Zhou Yunsong, He Yuan, Zhu Hongzi, Wang Cheng, Li Hongyang, Jiang Qinhong
IEEE Trans Pattern Anal Mach Intell. 2022 Dec;44(12):10114-10128. doi: 10.1109/TPAMI.2021.3136899. Epub 2022 Nov 7.
Monocular 3D object detection is an important task in autonomous driving. It can be easily intractable where there exists ego-car pose change w.r.t. ground plane. This is common due to the slight fluctuation of road smoothness and slope. Due to the lack of insight in industrial application, existing methods on open datasets neglect the camera pose information, which inevitably results in the detector being susceptible to camera extrinsic parameters. The perturbation of objects is very popular in most autonomous driving cases for industrial products. To this end, we propose a novel method to capture camera pose to formulate the detector free from extrinsic perturbation.

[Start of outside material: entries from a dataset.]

Definition radd (a b : nat * nat * nat * nat) : nat * nat * nat * nat :=
  let: (a1, a2, a3, a4) := a in let: (b1, b2, b3, b4) := b in
  (a1 + b1, a2 + b2, a3 + b3, a4 + b4)%N.

Definition ht (i : nat) : nat :=
  let: (a1, a2, a3, a4) := rootc i in (a1 + a2 + a3 + a4)%N.

Definition hook (a : nat) : seq nat :=
  [seq g <- posroots | (g == a) ||
     has (fun g' => radd (rootc g) (rootc g') == rootc a) posroots].

Definition arm (a : nat) : seq nat :=
  if a == 12 then [:: 8; 9; 10; 11]
  else [seq g <- hook a | (g \in hook 12) && (g != a)].

Definition leg (a : nat) : seq nat :=
  [seq g <- hook a | (g \notin arm a) && (g != a)].

(* Commutator table: for 1 <= i < j <= 12, [x_i(t), x_j(u)] = x_k(+-tu)
   if ctab i j = Some (k, neg) (neg = true means the sign is -),
   and = 1 if ctab i j = None. *)
Definition ctab (i j : nat) : option (nat * bool) :=
  match i, j with
  | 1, 3 => Some (5, false)  | 1, 6 => Some (8, true)
  | 1, 7 => Some (9, false)  | 1, 10 => Some (11, true)
  | 2, 3 => Some (6, false)  | 2, 5 => Some (8, true)
  | 2, 7 => Some (10, false) | 2, 9 => Some (11, true)
  | 3, 4 => Some (7, false)  | 3, 11 => Some (12, true)
  | 4, 5 => Some (9, true)   | 4, 6 => Some (10, true)
  | 4, 8 => Some (11, true)  | 5, 10 => Some (12, true)
  | 6, 9 => Some (12, true)  | 7, 8 => Some (12, false)
  | _, _ => None
  end.

Section D4.
Variables (F : finFieldType) (gT : finGroupType).

Definition prodx (x : nat -> F -> gT) (d : {ffun 'I_12 -> F}) : gT :=
  (\prod_(i < 12) x i.+1 (d i))%g.

Definition is_D4_unipotent (U : {group gT}) (x : nat -> F -> gT) : Prop :=
  [/\ forall i t, (1 <= i <= 12)%N -> x i t \in U,
      forall i t u, (1 <= i <= 12)%N -> x i (t + u)%R = (x i t * x i u)%g,
      U :=: [set prodx x d | d : {ffun 'I_12 -> F}],
      injective (prodx x) &
      forall i j t u, (1 <= i)%N -> (i < j)%N -> (j <= 12)%N ->
        ([~ x i t, x j u])%g =
          match ctab i j with
          | Some (k, neg) => x k (if neg then - (t * u) else t * u)%R
          | None => 1%g
          end].

Definition Xset (x : nat -> F -> gT) (g : nat) : {set gT} :=
  [set x g t | t : F].

(* V_a = prod_{g in Phi+ \ leg(h_a)} X_g (product in increasing order of the
   index); the paper asserts it is a subgroup, we take the group it
   generates (equal to it). *)
Definition Vset (x : nat -> F -> gT) (a : nat) : {set gT} :=
  (\prod_(g <- [seq g <- posroots | g \notin leg a]) Xset x g)%g.

Definition Vgroup (x : nat -> F -> gT) (a : nat) : {group gT} :=
  <<Vset x a>>%G.

End D4.

From HB Require Import structures.
From mathcomp Require Import all_boot all_order all_algebra all_fingroup all_solvable all_field all_character.
From mathcomp Require Import ring.
Import GRing.Theory Num.Theory.
Set Implicit Arguments. Unset Strict Implicit. Unset Printing Implicit Defensive.
Local Open Scope ring_scope.

(* Let lam be a linear character of V <= U.  By Frobenius reciprocity
   '[Ind lam] = |V|^-2 * sum_(y in U) sum_(v in V) lam (v^y) * (lam v)^*, where the
   inner sum is |V| for y in V and vanishes when y moves lam, i.e. when some w in V
   with w^y in V has lam (w^y) != lam w.  For V = V_a every y outside V_a moves lam:
   if c is the first nonzero coordinate of the normal form of y on a root g of
   leg(a), conjugating x_h(t), for the arm root h with g + h = a, by the block of
   factors starting with x_g(c) gives x_h(t) x_a(+-c t) modulo roots higher than a,
   so lam changes by phi(+-s c t) != 1 for a suitable t.  The same commutator
   calculus puts [x_a(d), U] inside the group of higher roots, hence inside ker lam,
   which forces Ind lam (x_a(d)) = Ind lam 1 * phi(s d); as phi is nontrivial these
   values separate the parameters s. *)

Section InducedLinearChar.
Variables (gT : finGroupType) (G H : {group gT}).
Hypothesis sHG : H \subset G.
Variable lam : 'CF(H).
Hypothesis lam_lin : lam \is a linear_char.

Definition moved_by (y : gT) : Prop :=
  exists2 w, w \in H & ((w ^ y)%g \in H) && (lam (w ^ y)%g != lam w).

Lemma moved_by_dcoset v1 y v2 :
  v1 \in H -> v2 \in H -> moved_by y -> moved_by (v1 * y * v2)%g.
Proof.
move=> Hv1 Hv2 [w Hw /andP[Hwy lam_wy]]; exists (w ^ v1^-1)%g; first by rewrite groupJ ?groupV.
have -> : ((w ^ v1^-1) ^ (v1 * y * v2) = (w ^ y) ^ v2)%g.
  by rewrite -!conjgM !mulgA mulVg mul1g.
by rewrite groupJ //= cfunJ // (cfunJ _ w (groupVr Hv1)).
Qed.

Local Notation conj_sum y := (\sum_(v in H) lam (v ^ y)%g * (lam v)^*).

Lemma lin_char_mul_conj v : v \in H -> lam v * (lam v)^* = 1.
Proof. by move=> Hv; rewrite -lin_charV_conj // -lin_charM ?groupV // mulgV lin_char1. Qed.

Lemma conj_sum_in y : y \in H -> conj_sum y = #|H|%:R.
Proof.
by move=> Hy; rewrite -sumr_const; apply: eq_bigr => v Hv; rewrite cfunJ // lin_char_mul_conj.
Qed.

(* Reindexing by [v |-> w * v] multiplies the sum by [c != 1]. *)
Lemma conj_sum_moved y : moved_by y -> conj_sum y = 0.
Proof.
case=> w Hw /andP[Hwy lam_wy]; set c := lam (w ^ y)%g * (lam w)^*.
have c_neq1 : c != 1.
  apply: contra lam_wy => /eqP c1; apply/eqP.
  by rewrite -[lam (w ^ y)%g]mulr1 -(lin_char_mul_conj Hw) mulrCA -/c c1 mulr1.
have shift : conj_sum y = c * conj_sum y.
  rewrite mulr_sumr (reindex_inj (mulgI w)) /=.
  apply: eq_big => [v | v Hwv]; first by rewrite groupMl.
  have Hv : v \in H by rewrite -(groupMl v Hw).
  rewrite conjMg; have [Hvy | Hvy] := boolP ((v ^ y)%g \in H); last first.
    have Hwvy : (w ^ y * v ^ y)%g \notin H by rewrite groupMl.
    by rewrite (cfun0 _ Hvy) (cfun0 _ Hwvy) !mul0r mulr0.
  by rewrite (lin_charM lam_lin Hwy Hvy) (lin_charM lam_lin Hw Hv) rmorphM /= /c; ring.
apply/eqP; move: shift => /eqP; rewrite -subr_eq0 -{1}[conj_sum y]mul1r -mulrBl.
by rewrite mulf_eq0 subr_eq0 eq_sym (negPf c_neq1).
Qed.

Lemma cfInd_lin_char_irr :
  (forall y, y \in G -> y \in H \/ moved_by y) -> 'Ind[G] lam \in irr G.
Proof.
move=> cover; rewrite irrEchar cfInd_char ?lin_charW //=.
rewrite -Frobenius_reciprocity cfdotC cfdotE.
rewrite (eq_bigr (fun v => #|H|%:R^-1 * \sum_(y in G) lam (v ^ y)%g * (lam v)^*)); last first.
  by move=> v Hv; rewrite cfResE ?cfIndE // -mulrA mulr_suml.
rewrite -mulr_sumr exchange_big (big_setID H) /= (setIidPr sHG) [X in _ + X]big1 ?addr0; last first.
  by move=> y /setDP[Gy notHy]; case: (cover y Gy) => [Hy | /conj_sum_moved //]; rewrite Hy in notHy.
rewrite (eq_bigr (fun _ => #|H|%:R)) => [|y]; last exact: conj_sum_in.
have H_neq0 : (#|H|%:R : algC) != 0 by rewrite pnatr_eq0 -lt0n cardG_gt0.
by rewrite sumr_const -mulr_natr; apply/eqP; rewrite -[1 in RHS]conjC1; congr (_^*); field.
Qed.

Lemma cfInd_lin_char_comm_ker z :
  z \in H -> (forall y, y \in G -> [~ z, y]%g \in cfker lam) ->
  'Ind[G] lam z = 'Ind[G] lam 1%g * lam z.
Proof.
move=> Hz comm_ker; rewrite cfIndE // cfInd1 // lin_char1 // mulr1.
rewrite (eq_bigr (fun _ => lam z)) => [|y Gy]; last by rewrite conjg_mulR cfkerMr ?comm_ker.
have H_neq0 : (#|H|%:R : algC) != 0 by rewrite pnatr_eq0 -lt0n cardG_gt0.
by rewrite sumr_const -(Lagrange sHG) -[lam z *+ _]mulr_natr natrM [lam z * _]mulrCA mulKf // mulrC.
Qed.

End InducedLinearChar.

Section AdditiveChar.
Variables (F : fieldType) (phi : F -> algC).
Hypotheses (phiD : forall a b, phi (a + b) = phi a * phi b) (phi0 : phi 0 = 1).

Lemma add_char_neq0 a : phi a != 0.
Proof.
apply/eqP=> phi_a0; move: phi0; rewrite -(subrr a) phiD phi_a0 mul0r => /eqP.
by rewrite eq_sym oner_eq0.
Qed.

Lemma add_char_scale_inj a0 s t :
  phi a0 != 1 -> (forall d, phi (s * d) = phi (t * d)) -> s = t.
Proof.
move=> phi_a0 eq_st; apply/eqP; rewrite -subr_eq0; apply: contraNT phi_a0 => st_neq0.
have := eq_st (a0 / (s - t)).
rewrite (_ : s * _ = a0 + t * (a0 / (s - t))); last by field.
by rewrite phiD -{2}[phi (t * _)]mul1r => /(mulIf (add_char_neq0 _)) ->.
Qed.

End AdditiveChar.

Lemma mem_posroots a : (a \in posroots) = (1 <= a <= 12)%N.
Proof. by rewrite mem_iota. Qed.

Lemma ht_gt0 k : (0 < ht k)%N = (1 <= k <= 12)%N.
Proof. by do 13!(case: k => [|k] //). Qed.

Lemma ctab_root i j k b :
  ctab i j = Some (k, b) -> (1 <= k <= 12)%N /\ ht k = (ht i + ht j)%N.
Proof.
case: i => [|[|[|[|[|[|[|[|[|[|[|[|[|i]]]]]]]]]]]]] //=;
  case: j => [|[|[|[|[|[|[|[|[|[|[|[|[|j]]]]]]]]]]]]] //= [<- _] //.
Qed.

Lemma leg_root1 : leg 1 = [::]. Proof. by vm_compute. Qed.
Lemma leg_root2 : leg 2 = [::]. Proof. by vm_compute. Qed.
Lemma leg_root3 : leg 3 = [::]. Proof. by vm_compute. Qed.
Lemma leg_root4 : leg 4 = [::]. Proof. by vm_compute. Qed.
Lemma leg_root5 : leg 5 = [:: 1]. Proof. by vm_compute. Qed.
Lemma leg_root6 : leg 6 = [:: 2]. Proof. by vm_compute. Qed.
Lemma leg_root7 : leg 7 = [:: 4]. Proof. by vm_compute. Qed.
Lemma leg_root8 : leg 8 = [:: 1; 2]. Proof. by vm_compute. Qed.
Lemma leg_root9 : leg 9 = [:: 1; 4]. Proof. by vm_compute. Qed.
Lemma leg_root10 : leg 10 = [:: 2; 4]. Proof. by vm_compute. Qed.
Lemma leg_root11 : leg 11 = [:: 1; 2; 4]. Proof. by vm_compute. Qed.
Lemma leg_root12 : leg 12 = [:: 3; 5; 6; 7]. Proof. by vm_compute. Qed.
Definition leg_rootE := (leg_root1, leg_root2, leg_root3, leg_root4, leg_root5, leg_root6,
  leg_root7, leg_root8, leg_root9, leg_root10, leg_root11, leg_root12).
Lemma prime_ideal_over A J :
  subring A -> is_ideal A J -> ~ J 1 -> exists2 P, prime_ideal A P & forall x, J x -> P x.
Proof.
move=> hA hJ nJ1.
have [M [hM nM1 JM] Mmax] := exists_maximal_ideal_over (And3 hJ nJ1 (fun _ => id)).
exists M => //; split => // x y hx hy Mxy; apply: NNPP => /not_or_and [nMx nMy].
have adjoin1 z : A z -> ~ M z -> adjoin_ideal A M z 1.
  move=> hz nMz; apply: NNPP => n1; apply: nMz.
  apply: (Mmax (adjoin_ideal A M z)); last exact: adjoin_ideal_mem.
    split; [exact: adjoin_ideal_is_ideal | exact: n1 |].
    by move=> w /JM; apply: adjoin_ideal_sub.
  by move=> w; apply: adjoin_ideal_sub.
have [m1 [s1 [hm1 hs1 e1]]] := adjoin1 x hx nMx.
have [m2 [s2 [hm2 hs2 e2]]] := adjoin1 y hy nMy.
apply: nM1; have -> : 1 = m1 * (m2 + y * s2) + (x * s1) * m2 + (s1 * s2) * (x * y).
  by rewrite -[LHS]mulr1 {1}e1 {1}e2; ring.
apply: (idealD hM); first apply: (idealD hM).
- by apply: (idealMr hM) hm1; rewrite -e2; apply: subring1.
- by apply: (idealM hM) hm2; apply: subringM.
- by apply: (idealM hM) Mxy; apply: subringM.
Qed.
Lemma pow_congr_mod2X r j : (3 <= r)%N -> pow_class8 j ->
  exists a, (p ^ a = j %[mod 2 ^ r])%N.
Proof.
move=> r_ge3 j_cls.
suff [a p_a] : exists a, ((2 ^ r)%N%:Z %| (p ^ a)%N%:Z - j%:Z)%Z.
  by exists a; apply/eqP; rewrite eqn_mod_dvdz.
elim: r r_ge3 => // r IHr; rewrite ltnS leq_eqVlt => /orP[/eqP r2 | r_ge3].
  rewrite -r2; have j_eq := divn_eq j 8; have p_eq := divn_eq p 8.
  case/orP: j_cls => /eqP j8; rewrite j8 in j_eq.
    by exists 0%N; apply/dvdzP; exists (- (j %/ 8)%N%:Z); rewrite [in RHS]j_eq; lia.
  exists 1%N; apply/dvdzP; exists ((p %/ 8)%N%:Z - (j %/ 8)%N%:Z).
  by rewrite [in RHS]j_eq {1}p_eq; lia.
have [a /dvdzP[c p_a]] := IHr r_ge3.
have [c_even | c_odd] := boolP (2 %| c)%Z.
  have [c' c_eq] := dvdzP c_even.
  by exists a; apply/dvdzP; exists c'; rewrite p_a c_eq expnS PoszM; ring.
(* Otherwise p^a = j + 2^r (mod 2^(r+1)), and multiplying by
   p^(2^(r-2)) = 1 + 2^r (mod 2^(r+1)) removes the extra 2^r. *)
have [|q p_e] := @expn_pow2_sub1 (r - 2); first by rewrite subn_gt0.
rewrite (_ : (r - 2 + 2 = r)%N) in p_e; last by lia.
exists (a + 2 ^ (r - 2))%N; apply/dvdzP.
have p_odd : odd p by rewrite -(odd_mod p (d := 8)) //; case: p_mod8 => ->.
have p_a_odd : odd (p ^ a) by rewrite oddX p_odd orbT.
have [u pa_u] : exists u, (p ^ a = 2 * u + 1)%N.
  by exists (p ^ a)./2; rewrite -{1}(odd_double_half (p ^ a)) p_a_odd -muln2 mulnC addnC.
have [c' c_eq] : exists c', c = 2 * c' + 1.
  by exists (c %/ 2)%Z; move: c_odd; clear; lia.
exists (u%:Z + q%:Z + 2 * u%:Z * q%:Z + c' + 1).
have j_eq : j%:Z = (p ^ a)%N%:Z - c * (2 ^ r)%N%:Z by rewrite -p_a; ring.
rewrite j_eq expnD p_e c_eq pa_u expnS !PoszD !PoszM; ring.
Qed.

Lemma pow_congr_opp_mod2X r j : (3 <= r)%N -> odd j -> ~~ pow_class8 j ->
  exists a, (p ^ a + j = 0 %[mod 2 ^ r])%N.
Proof.
move=> r_ge3 j_odd j_ncls; set j' := ((2 ^ r).-1 * j)%N.
(* j' = -j (mod 2^r) lies in the other residue class mod 8. *)
have jj' : (j' + j = 2 ^ r * j)%N by rewrite /j' -mulSnr prednK ?expn_gt0.
have j'_cls : pow_class8 j'.
  have j2 : (j %% 2 = 1)%N by rewrite modn2 j_odd.
  have r_eq : (2 ^ r = 8 * 2 ^ (r - 3))%N by rewrite -[8%N]/(2 ^ 3)%N -expnD subnKC.
  move: j_ncls jj' j2; rewrite /pow_class8 r_eq -mulnA; move: (2 ^ (r - 3) * j)%N => x.
  by case: p_mod8 => ->; lia.
have [a p_a] := pow_congr_mod2X r_ge3 j'_cls; exists a.
by rewrite -modnDml p_a modnDml jj' modnMr mod0n.
Qed.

Specifically, the proposed framework predicts camera extrinsic parameters by detecting vanishing point and horizon change. A converter is designed to rectify perturbative features in the latent space. By doing so, our 3D detector works independent of the extrinsic parameter variations and produces accurate results in realistic cases, e.g., potholed and uneven roads, where almost all existing monocular detectors fail to handle. Experiments demonstrate our method yields the best performance compared with the other state-of-the-arts by a large margin on both KITTI 3D and nuScenes datasets.
单目3D目标检测是自动驾驶中的一项重要任务。在存在自车相对于地面平面姿态变化的情况下,它很容易变得难以处理。由于道路平整度和坡度的轻微波动,这种情况很常见。由于在工业应用中缺乏深入了解,现有公开数据集上的方法忽略了相机姿态信息,这不可避免地导致检测器容易受到相机外部参数的影响。在大多数工业产品的自动驾驶场景中,物体的扰动非常普遍。为此,我们提出了一种新颖的方法来捕捉相机姿态,以构建不受外部扰动影响的检测器。具体来说,所提出的框架通过检测消失点和地平线变化来预测相机外部参数。设计了一个转换器来校正潜在空间中的扰动特征。通过这样做,我们的3D检测器独立于外部参数变化工作,并在现实场景中产生准确的结果,例如在坑洼不平的道路上,几乎所有现有的单目检测器都无法处理这种情况。实验表明,在KITTI 3D和nuScenes数据集上,我们的方法与其他最先进的方法相比,在性能上有很大的优势。